Files
mlflow--mlflow/tests/cli/test_genai_eval_utils.py
2026-07-13 13:22:34 +08:00

478 lines
14 KiB
Python

from unittest import mock
import click
import pandas as pd
import pytest
from mlflow.cli.genai_eval_utils import (
NA_VALUE,
Assessment,
EvalResult,
extract_assessments_from_results,
format_table_output,
resolve_scorers,
)
from mlflow.exceptions import MlflowException
from mlflow.tracing.constant import AssessmentMetadataKey
def test_format_single_trace_with_result_and_rationale():
output_data = [
EvalResult(
trace_id="tr-123",
assessments=[
Assessment(
name="RelevanceToQuery",
result="yes",
rationale="The answer is relevant",
)
],
)
]
table_output = format_table_output(output_data)

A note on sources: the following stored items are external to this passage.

Lemma sum_fpowerset_nested (V : nmodType) (F : {fset nat} -> {fset nat} -> V) S :
  \sum_(A <- fpowerset S) \sum_(B <- fpowerset A) F B A =
  \sum_(B <- fpowerset S) \sum_(C <- fpowerset (S `\` B)) F B (B `|` C).
Proof.
transitivity (\sum_(A <- fpowerset S) \sum_(B <- fpowerset S)
   (if B `<=` A then F B A else 0)).
  rewrite big_seq [RHS]big_seq; apply: eq_bigr => A; rewrite fpowersetE => AS.
  rewrite -big_mkcond /=; apply: eq_fbigl_cond => B.
  rewrite !inE !fpowersetE andbT.
  by case BA: (B `<=` A); rewrite ?andbF ?(fsubset_trans BA AS).
rewrite exchange_big /= big_seq [RHS]big_seq; apply: eq_bigr => B.
rewrite fpowersetE => BS; rewrite -big_mkcond /=.
transitivity (\sum_(A <- [fset B `|` C | C in fpowerset (S `\` B)]) F B A).
  apply: eq_fbigl_cond => A.
  rewrite !inE /= andbT fpowersetE; apply/andP/imfsetP => /=.
    case=> AS BA; exists (A `\` B); first by rewrite fpowersetE fsetSD.
    by rewrite fsetUDS.
  case=> C; rewrite fpowersetE => CSB ->; split; last exact: fsubsetUl.
  by rewrite fsubUset BS (fsubset_trans CSB) ?fsubsetDl.
rewrite big_imfset //= => C1 C2; rewrite !fpowersetCE => /andP[_ dC1] /andP[_ dC2] e.
rewrite fdisjoint_sym in dC1; rewrite fdisjoint_sym in dC2.
by move: (congr1 (fsetD^~ B) e); rewrite /= !fsetUDK.
Qed.

End FsetSums.

Section SuperCommutation.
Variable R : nzRingType.

Definition central (x : R) := forall y, x * y = y * x.

Lemma centralX (x : R) n : central x -> central (x ^+ n).
Proof. by move=> cx y; apply/esym/commrX/esym/cx. Qed.

Lemma centralM (x y : R) : central x -> central y -> central (x * y).
Proof. by move=> cx cy z; rewrite -mulrA cy mulrA cx mulrA. Qed.

Lemma conj_exprX (c y z : R) n : c * y = z * c -> c * y ^+ n = z ^+ n * c.
Proof.
move=> h; elim: n => [|n IHn]; first by rewrite !expr0 mulr1 mul1r.
by rewrite exprSr mulrA IHn -mulrA h mulrA -exprSr.
Qed.

Lemma commutatorDl (x y b : R) :
  (x + y) * b - b * (x + y) = (x * b - b * x) + (y * b - b * y).
Proof. by rewrite mulrDl mulrDr opprD addrACA. Qed.

Lemma commutatorDr (a x y : R) :
  a * (x + y) - (x + y) * a = (a * x - x * a) + (a * y - y * a).
Proof. by rewrite mulrDl mulrDr opprD addrACA. Qed.

Lemma super_kappa (a0 a1 b0 b1 : R) n :
  central a0 -> central b0 -> a1 * a1 = 0 -> b1 * b1 = 0 -> b1 * a1 = - (a1 * b1) ->
  ((a0 + a1) * (b0 + b1) - (b0 + b1) * (a0 + a1)) * (a0 + a1) ^+ n * (b0 + b1) ^+ n
  = (a0 ^+ n * a1 * (b1 * b0 ^+ n)) *+ 2.
Proof.
move=> ca0 cb0 a1a1 b1b1 b1a1.
have -> : (a0 + a1) * (b0 + b1) - (b0 + b1) * (a0 + a1) = a1 * b1 *+ 2.
  by rewrite commutatorDl ca0 subrr add0r commutatorDr cb0 subrr add0r b1a1 opprK.
have c_a : a1 * b1 * (a0 + a1) = a0 * (a1 * b1).
  rewrite mulrDr -ca0 -[a1 * b1 * a1]mulrA b1a1 mulrN [a1 * (a1 * b1)]mulrA.
  by rewrite a1a1 mul0r oppr0 addr0.
have b1_b : b1 * (b0 + b1) = b0 * b1 by rewrite mulrDr b1b1 addr0 cb0.
rewrite !mulrnAl (conj_exprX _ c_a) -!mulrA (conj_exprX _ b1_b).
by rewrite (centralX _ cb0) !mulrA.
Qed.

Lemma super_prod_odd_even (v0 v1 w0 w1 : R) n :
  central v0 -> central w0 -> v1 * v1 = 0 -> w1 * w1 = 0 -> w1 * v1 = - (v1 * w1) ->
  v0 ^+ n.+1 = 0 -> w0 ^+ n.+1 = 0 ->
  (v0 * w1 + v1 * w0) * (v0 * w0 + v1 * w1) ^+ n = 0.
Proof.
move=> cv0 cw0 v1v1 w1w1 w1v1 v0n w0n.
set b1 := v0 * w1 + v1 * w0.
have b1_F : b1 * (v1 * w1) = 0.
  rewrite mulrDl -!mulrA (mulrA w1) w1v1 mulNr -mulrA w1w1 mulr0 oppr0 mulr0.
  by rewrite add0r (mulrA w0) cw0 !mulrA v1v1 !mul0r.
have b1_b0 : b1 * (v0 * w0 + v1 * w1) = (v0 * w0) * b1.
  by rewrite mulrDr b1_F addr0 (centralM cv0 cw0).
rewrite (conj_exprX _ b1_b0) exprMn_comm; last exact: cv0.
have v0_term : v0 ^+ n * w0 ^+ n * (v0 * w1) = 0.
  rewrite -mulrA (mulrA (w0 ^+ n)) (centralX _ cw0 v0) -mulrA mulrA.
  by rewrite -exprSr v0n mul0r.
have w0_term : v0 ^+ n * w0 ^+ n * (v1 * w0) = 0.
  rewrite -mulrA (mulrA (w0 ^+ n)) (centralX _ cw0 v1) -mulrA.
  by rewrite -exprSr w0n !mulr0.
by rewrite /b1 mulrDr v0_term w0_term addr0.
Qed.

End SuperCommutation.

(* [G0 k] is a bare function type; its copy [grass k] carries the ring
   structure, with [g0_add] and [g0_mul] as operations. *)
Definition grass (k : fieldType) := G0 k.
HB.instance Definition _ (k : fieldType) := gen_eqMixin (grass k).
HB.instance Definition _ (k : fieldType) := gen_choiceMixin (grass k).

Section GrassZmodule.
Variable k : fieldType.
Implicit Types f g h : grass k.

Definition grass_opp f : grass k := fun S => - f S.

Lemma grass_addA : associative (@g0_add k).
Proof. by move=> f g h; apply/funext => S; rewrite /g0_add addrA. Qed.

Lemma grass_addC : commutative (@g0_add k).
Proof. by move=> f g; apply/funext => S; rewrite /g0_add addrC. Qed.

Lemma grass_add0 : left_id (@g0_zero k) (@g0_add k).
Proof. by move=> f; apply/funext => S; rewrite /g0_add /g0_zero add0r. Qed.

Lemma grass_addN : left_inverse (@g0_zero k) grass_opp (@g0_add k).
Proof. by move=> f; apply/funext => S; rewrite /g0_add /g0_zero /grass_opp addNr. Qed.

End GrassZmodule.

HB.instance Definition _ (k : fieldType) := GRing.isZmodule.Build (grass k)
  (@grass_addA k) (@grass_addC k) (@grass_add0 k) (@grass_addN k).

Section GrassRing.
Variable k : fieldType.
Implicit Types f g h : grass k.
Local Open Scope fset_scope.
Local Notation sgn A B := ((-1 : k) ^+ ninv A B).

Lemma sgn_ninvA (B C D : {fset nat}) :
  [disjoint B & C] -> [disjoint C & D] -> [disjoint B & D] ->
  sgn (B `|` C) D * sgn B C = sgn B (C `|` D) * sgn C D.
Proof.
by move=> dBC dCD dBD; rewrite -!exprD ninvUl // ninvUr //; congr (_ ^+ _); lia.
Qed.

Definition grass_mul f g : grass k := g0_mul f g.

Lemma grass_mulA : associative grass_mul.
Proof.
move=> f g h; apply/funext => S; rewrite /grass_mul /g0_mul; symmetry.
under [RHS]eq_bigr do rewrite mulr_sumr.
under [LHS]eq_bigr do rewrite mulr_sumr mulr_suml.
rewrite sum_fpowerset_nested big_seq [RHS]big_seq; apply: eq_bigr => B.
rewrite fpowersetE => BS; rewrite big_seq [RHS]big_seq; apply: eq_bigr => C.
rewrite fpowersetE => CSB; have dBC := fdisjointWr CSB (fdisjointDr B S).
rewrite fsetUDK // fsetDDl; set D := S `\` (B `|` C).
have -> : S `\` B = C `|` D by rewrite /D -fsetDDl fsetUDS.
have dCD : [disjoint C & D] by rewrite /D -fsetDDl fdisjointDr.
have dBD : [disjoint B & D] by apply/fdisjointP => x xB; rewrite /D !inE xB.
transitivity ((sgn (B `|` C) D * sgn B C) * (f B * g C * h D)); first by ring.
by rewrite sgn_ninvA //; ring.
Qed.

Definition grass_one : grass k := fun S => if S == fset0 then 1 else 0.

Lemma grass_mul1 : left_id grass_one grass_mul.
Proof.
move=> f; apply/funext => S; rewrite /grass_mul /g0_mul.
rewrite (big_fsetD1 fset0) ?fpowersetE ?fsub0set //= /grass_one eqxx ninv0l.
rewrite fsetD0 expr0 !mul1r big1_fset ?addr0 // => A; rewrite !inE => /andP[nA _] _.
by rewrite (negbTE nA) mulr0 mul0r.
Qed.

Lemma grass_mulr1 : right_id grass_one grass_mul.
Proof.
move=> f; apply/funext => S; rewrite /grass_mul /g0_mul.
rewrite (big_fsetD1 S) ?fpowersetE ?fsubset_refl //= /grass_one fsetDv eqxx ninv0r.
rewrite expr0 !mul1r mulr1 big1_fset ?addr0 // => A.
rewrite !inE fpowersetE => /andP[nA AS] _.
have -> : (S `\` A == fset0) = false.
  by rewrite fsetD_eq0; apply: contraNF nA => SA; rewrite eqEfsubset AS SA.
by rewrite mulr0.
Qed.

Lemma grass_mulDl : left_distributive grass_mul (@g0_add k).
Proof.
move=> f g h; apply/funext => S; rewrite /grass_mul /g0_mul /g0_add -big_split /=.
by apply: eq_bigr => A _; rewrite mulrDr mulrDl.
Qed.

Lemma grass_mulDr : right_distributive grass_mul (@g0_add k).
Proof.
move=> f g h; apply/funext => S; rewrite /grass_mul /g0_mul /g0_add -big_split /=.
by apply: eq_bigr => A _; rewrite mulrDr.
Qed.

Lemma grass_one_neq0 : grass_one != g0_zero k.
Proof.
apply/negP => /eqP /(congr1 (fun f => f fset0)); rewrite /grass_one /g0_zero eqxx.
by move/eqP; rewrite oner_eq0.
Qed.

End GrassRing.

HB.instance Definition _ (k : fieldType) :=
  GRing.Zmodule_isNzRing.Build (grass k) (@grass_mulA k) (@grass_mul1 k)
    (@grass_mulr1 k) (@grass_mulDl k) (@grass_mulDr k) (@grass_one_neq0 k).

Section GrassParity.
Variable k : fieldType.
Implicit Types (x y : grass k) (A B S : {fset nat}).
Local Open Scope fset_scope.
Local Open Scope ring_scope.
Local Notation sgn A B := ((-1 : k) ^+ ninv A B).

Lemma grass_addE x y S : (x + y) S = x S + y S. Proof. by []. Qed.
Lemma grass_oppE x S : (- x) S = - x S. Proof. by []. Qed.
Lemma grass0E S : (0 : grass k) S = 0. Proof. by []. Qed.
Lemma grass1E S : (1 : grass k) S = if S == fset0 then 1 else 0. Proof. by []. Qed.
Lemma grass_mulE x y S :
  (x * y) S = \sum_(A <- fpowerset S) sgn A (S `\` A) * x A * y (S `\` A).
Proof. by []. Qed.

Lemma grass_mulE_rev x y S :
  (y * x) S = \sum_(A <- fpowerset S) sgn (S `\` A) A * y (S `\` A) * x A.
Proof.
rewrite grass_mulE.
transitivity (\sum_(A <- [fset S `\` B | B in fpowerset S])
                sgn A (S `\` A) * y A * x (S `\` A)).
  apply: eq_fbigl => A; rewrite fpowersetE; apply/idP/imfsetP => /=.
    by move=> AS; exists (S `\` A); rewrite ?fpowersetE ?fsubsetDl // fsetDK.
  by case=> B _ ->; rewrite fsubsetDl.
rewrite big_imfset /=; last first.
  by move=> B1 B2; rewrite !fpowersetE => SB1 SB2 e; rewrite -(fsetDK SB1) e fsetDK.
rewrite big_seq [RHS]big_seq; apply: eq_bigr => A; rewrite fpowersetE => AS.
by rewrite fsetDK.
Qed.

Lemma sgnC A B : [disjoint A & B] ->
  sgn B A = (-1) ^+ (odd #|` A| && odd #|` B|) * sgn A B.
Proof.
move=> dAB; rewrite -oddM signr_odd -(ninvC dAB) exprD mulrAC -exprD addnn -mul2n.
by rewrite mulnC exprM sqrr_sign mul1r.
Qed.

Definition homog (b : bool) x := forall S, odd #|` S| != b -> x S = 0.

Lemma odd_card_fsetD A S : A `<=` S -> odd #|` S| = odd #|` A| (+) odd #|` S `\` A|.
Proof. by move=> AS; rewrite cardfsDS // -oddD subnKC // fsubset_leq_card. Qed.

Lemma homogD b x y : homog b x -> homog b y -> homog b (x + y).
Proof. by move=> hx hy S hS; rewrite grass_addE hx // hy // addr0. Qed.

Lemma homogM a b x y : homog a x -> homog b y -> homog (a (+) b) (x * y).
Proof.
move=> hx hy S hS; rewrite grass_mulE big1_fset // => A; rewrite fpowersetE => AS _.
case ea: (odd #|` A| == a); last by rewrite hx ?ea // mulr0 mul0r.
case eb: (odd #|` S `\` A| == b); last by rewrite (hy (S `\` A)) ?eb // mulr0.
by move: hS; rewrite (odd_card_fsetD AS) (eqP ea) (eqP eb) eqxx.
Qed.

Lemma even_central x : homog false x -> central x.
Proof.
move=> hx y; apply/funext => S; rewrite grass_mulE grass_mulE_rev.
rewrite big_seq [RHS]big_seq; apply: eq_bigr => A; rewrite fpowersetE => AS.
rewrite (sgnC (fdisjointDr A S)).
case oA: (odd #|` A|); last by rewrite /= expr0 mul1r; ring.
by rewrite hx ?oA // !mulr0 mul0r.
Qed.

Lemma odd_anticomm x y : homog true x -> homog true y -> x * y = - (y * x).
Proof.
move=> hx hy; apply/funext => S; rewrite grass_mulE grass_oppE grass_mulE_rev -sumrN.
rewrite big_seq [RHS]big_seq; apply: eq_bigr => A; rewrite fpowersetE => AS.
rewrite (sgnC (fdisjointDr A S)).
case oA: (odd #|` A|); last by rewrite hx ?oA // ?mulr0 ?mul0r ?oppr0.
case oB: (odd #|` S `\` A|); last by rewrite (hy (S `\` A)) ?oB // ?mulr0 ?mul0r ?oppr0.
by rewrite /= expr1; ring.
Qed.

# Headers should use assessment names from output_data
assert table_output.headers == ["trace_id", "RelevanceToQuery"]
assert len(table_output.rows) == 1
assert table_output.rows[0][0].value == "tr-123"
assert "value: yes" in table_output.rows[0][1].value
assert "rationale: The answer is relevant" in table_output.rows[0][1].value
def test_format_multiple_traces_multiple_scorers():
output_data = [
EvalResult(
trace_id="tr-123",
assessments=[
Assessment(
name="RelevanceToQuery",
result="yes",
rationale="Relevant",
),
Assessment(name="Safety", result="yes", rationale="Safe"),
],
),
EvalResult(
trace_id="tr-456",
assessments=[
Assessment(
name="RelevanceToQuery",
result="no",
rationale="Not relevant",
),
Assessment(name="Safety", result="yes", rationale="Safe"),
],
),
]
table_output = format_table_output(output_data)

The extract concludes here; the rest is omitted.